◆ TASK INSTRUCTIONS
Within the material below, transcribe exactly the lines from the one holding "Proof. by rewrite /bif_f" through the one holding "Hypothesis n_gt0 : (0 < n)%N.", keeping both ends and skipping the rest.

=== Section Start ===

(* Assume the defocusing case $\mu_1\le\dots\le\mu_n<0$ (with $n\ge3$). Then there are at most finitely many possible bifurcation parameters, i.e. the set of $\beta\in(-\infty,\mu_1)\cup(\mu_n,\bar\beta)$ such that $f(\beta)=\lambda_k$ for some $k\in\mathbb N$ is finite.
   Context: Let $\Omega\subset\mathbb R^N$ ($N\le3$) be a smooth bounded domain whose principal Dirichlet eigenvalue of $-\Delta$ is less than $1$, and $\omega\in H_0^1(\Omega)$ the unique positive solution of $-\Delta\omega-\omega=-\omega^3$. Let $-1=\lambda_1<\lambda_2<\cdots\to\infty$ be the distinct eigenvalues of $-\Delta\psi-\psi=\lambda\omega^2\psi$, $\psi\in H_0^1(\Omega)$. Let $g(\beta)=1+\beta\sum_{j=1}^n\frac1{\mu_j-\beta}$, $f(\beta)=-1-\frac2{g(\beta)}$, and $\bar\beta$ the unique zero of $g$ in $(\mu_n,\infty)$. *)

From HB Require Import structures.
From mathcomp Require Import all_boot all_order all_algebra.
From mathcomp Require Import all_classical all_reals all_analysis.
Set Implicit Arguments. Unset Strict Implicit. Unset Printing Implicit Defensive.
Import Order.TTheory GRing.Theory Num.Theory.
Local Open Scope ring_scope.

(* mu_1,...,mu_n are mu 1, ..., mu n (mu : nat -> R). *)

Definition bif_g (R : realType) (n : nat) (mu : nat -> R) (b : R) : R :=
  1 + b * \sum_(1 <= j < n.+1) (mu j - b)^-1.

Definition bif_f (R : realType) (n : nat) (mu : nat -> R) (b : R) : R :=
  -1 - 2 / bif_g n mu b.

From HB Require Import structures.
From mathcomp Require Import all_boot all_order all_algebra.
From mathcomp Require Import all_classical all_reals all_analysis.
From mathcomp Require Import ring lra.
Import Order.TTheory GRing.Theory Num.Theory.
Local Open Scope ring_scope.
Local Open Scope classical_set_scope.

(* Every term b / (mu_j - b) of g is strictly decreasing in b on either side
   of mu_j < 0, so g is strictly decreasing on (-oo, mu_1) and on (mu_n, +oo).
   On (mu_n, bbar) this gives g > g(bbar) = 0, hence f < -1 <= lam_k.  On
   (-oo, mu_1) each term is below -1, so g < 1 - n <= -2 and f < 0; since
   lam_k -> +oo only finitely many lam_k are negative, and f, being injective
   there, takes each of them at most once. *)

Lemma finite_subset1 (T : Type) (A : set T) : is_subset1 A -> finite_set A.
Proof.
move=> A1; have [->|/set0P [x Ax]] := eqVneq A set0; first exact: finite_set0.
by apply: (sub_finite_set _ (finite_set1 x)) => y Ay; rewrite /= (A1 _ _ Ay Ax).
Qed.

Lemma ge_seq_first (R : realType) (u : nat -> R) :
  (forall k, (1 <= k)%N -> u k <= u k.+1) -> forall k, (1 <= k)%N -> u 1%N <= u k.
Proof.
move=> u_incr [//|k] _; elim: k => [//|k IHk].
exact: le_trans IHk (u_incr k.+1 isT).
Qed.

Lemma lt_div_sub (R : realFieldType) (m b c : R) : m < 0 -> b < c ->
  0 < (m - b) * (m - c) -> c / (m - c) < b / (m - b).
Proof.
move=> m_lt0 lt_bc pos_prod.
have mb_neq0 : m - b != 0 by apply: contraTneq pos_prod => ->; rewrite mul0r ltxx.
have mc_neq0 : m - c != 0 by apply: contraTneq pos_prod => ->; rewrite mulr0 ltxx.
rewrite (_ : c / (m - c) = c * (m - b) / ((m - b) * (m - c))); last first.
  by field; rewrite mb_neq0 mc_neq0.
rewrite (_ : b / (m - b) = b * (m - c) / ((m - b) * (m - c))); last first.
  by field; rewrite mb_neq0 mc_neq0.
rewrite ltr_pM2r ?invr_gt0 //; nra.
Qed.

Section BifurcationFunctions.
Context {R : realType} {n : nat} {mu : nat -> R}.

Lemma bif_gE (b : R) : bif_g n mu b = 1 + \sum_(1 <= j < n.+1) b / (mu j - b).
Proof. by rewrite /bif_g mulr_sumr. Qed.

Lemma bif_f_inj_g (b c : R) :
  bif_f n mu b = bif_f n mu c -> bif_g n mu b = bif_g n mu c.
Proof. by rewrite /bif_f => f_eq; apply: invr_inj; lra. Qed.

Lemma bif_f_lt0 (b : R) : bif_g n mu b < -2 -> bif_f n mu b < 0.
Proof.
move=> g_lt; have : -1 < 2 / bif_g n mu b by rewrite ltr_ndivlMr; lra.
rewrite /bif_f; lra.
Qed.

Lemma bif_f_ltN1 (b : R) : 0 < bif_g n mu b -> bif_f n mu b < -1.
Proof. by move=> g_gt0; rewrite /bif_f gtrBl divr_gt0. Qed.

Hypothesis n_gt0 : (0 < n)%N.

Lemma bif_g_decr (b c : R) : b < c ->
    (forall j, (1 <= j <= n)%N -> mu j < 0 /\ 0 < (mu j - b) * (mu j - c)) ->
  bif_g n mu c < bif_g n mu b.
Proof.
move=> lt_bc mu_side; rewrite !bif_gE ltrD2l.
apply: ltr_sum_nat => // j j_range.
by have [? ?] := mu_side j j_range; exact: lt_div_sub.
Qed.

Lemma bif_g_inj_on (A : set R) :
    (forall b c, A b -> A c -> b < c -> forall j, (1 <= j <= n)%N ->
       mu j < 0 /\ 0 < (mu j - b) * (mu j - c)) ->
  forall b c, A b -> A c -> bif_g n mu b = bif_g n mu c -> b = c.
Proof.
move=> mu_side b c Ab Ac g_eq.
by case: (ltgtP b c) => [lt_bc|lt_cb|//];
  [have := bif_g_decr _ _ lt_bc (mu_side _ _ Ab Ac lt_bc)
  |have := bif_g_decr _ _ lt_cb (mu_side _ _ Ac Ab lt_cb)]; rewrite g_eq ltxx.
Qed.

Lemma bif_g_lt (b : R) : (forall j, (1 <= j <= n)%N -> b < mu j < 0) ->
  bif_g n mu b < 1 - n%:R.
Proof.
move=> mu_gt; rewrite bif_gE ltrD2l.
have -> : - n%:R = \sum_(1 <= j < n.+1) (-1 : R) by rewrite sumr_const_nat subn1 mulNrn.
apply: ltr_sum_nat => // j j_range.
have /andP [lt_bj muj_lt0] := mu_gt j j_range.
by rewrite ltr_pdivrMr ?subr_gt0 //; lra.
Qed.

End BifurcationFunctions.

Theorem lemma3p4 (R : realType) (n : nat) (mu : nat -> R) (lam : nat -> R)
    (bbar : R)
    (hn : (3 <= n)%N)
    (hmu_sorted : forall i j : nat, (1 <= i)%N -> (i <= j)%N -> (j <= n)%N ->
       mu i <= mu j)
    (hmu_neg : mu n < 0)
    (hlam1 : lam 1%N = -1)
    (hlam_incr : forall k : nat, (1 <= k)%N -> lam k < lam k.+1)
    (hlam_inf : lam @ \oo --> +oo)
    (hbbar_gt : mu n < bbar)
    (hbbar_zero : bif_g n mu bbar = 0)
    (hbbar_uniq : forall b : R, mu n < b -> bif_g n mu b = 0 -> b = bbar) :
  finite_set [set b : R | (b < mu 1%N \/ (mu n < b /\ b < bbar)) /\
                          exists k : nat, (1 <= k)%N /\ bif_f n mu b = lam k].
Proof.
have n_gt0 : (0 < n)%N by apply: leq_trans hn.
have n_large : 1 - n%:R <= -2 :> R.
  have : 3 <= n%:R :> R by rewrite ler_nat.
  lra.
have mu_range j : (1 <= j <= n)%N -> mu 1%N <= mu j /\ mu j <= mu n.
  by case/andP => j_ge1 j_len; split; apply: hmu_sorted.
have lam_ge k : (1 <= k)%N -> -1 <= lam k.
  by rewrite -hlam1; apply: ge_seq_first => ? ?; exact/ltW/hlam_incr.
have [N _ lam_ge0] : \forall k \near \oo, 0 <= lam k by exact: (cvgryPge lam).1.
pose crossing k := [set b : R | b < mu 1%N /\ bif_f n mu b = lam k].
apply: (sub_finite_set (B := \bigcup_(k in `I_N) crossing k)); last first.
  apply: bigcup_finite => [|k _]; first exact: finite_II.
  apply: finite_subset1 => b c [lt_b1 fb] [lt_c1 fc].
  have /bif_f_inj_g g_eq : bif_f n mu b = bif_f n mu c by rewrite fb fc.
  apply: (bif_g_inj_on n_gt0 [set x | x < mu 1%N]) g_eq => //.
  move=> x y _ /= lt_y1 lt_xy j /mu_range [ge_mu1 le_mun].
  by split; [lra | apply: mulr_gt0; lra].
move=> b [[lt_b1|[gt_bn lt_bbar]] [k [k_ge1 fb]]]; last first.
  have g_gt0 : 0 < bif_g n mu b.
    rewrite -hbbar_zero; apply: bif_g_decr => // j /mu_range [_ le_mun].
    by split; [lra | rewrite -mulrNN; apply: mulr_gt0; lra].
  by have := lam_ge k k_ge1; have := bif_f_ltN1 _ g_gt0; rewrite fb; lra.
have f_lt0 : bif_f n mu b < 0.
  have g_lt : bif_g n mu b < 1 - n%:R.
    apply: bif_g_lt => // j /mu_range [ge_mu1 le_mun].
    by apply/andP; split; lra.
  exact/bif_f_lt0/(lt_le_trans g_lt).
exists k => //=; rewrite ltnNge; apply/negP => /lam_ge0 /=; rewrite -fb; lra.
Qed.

=== Section End ===

◆ COMPLETED EXERCISE
Proof. by rewrite /bif_f => f_eq; apply: invr_inj; lra. Qed.

Lemma bif_f_lt0 (b : R) : bif_g n mu b < -2 -> bif_f n mu b < 0.
Proof.
move=> g_lt; have : -1 < 2 / bif_g n mu b by rewrite ltr_ndivlMr; lra.
rewrite /bif_f; lra.
Qed.

Lemma bif_f_ltN1 (b : R) : 0 < bif_g n mu b -> bif_f n mu b < -1.
Proof. by move=> g_gt0; rewrite /bif_f gtrBl divr_gt0. Qed.

Hypothesis n_gt0 : (0 < n)%N.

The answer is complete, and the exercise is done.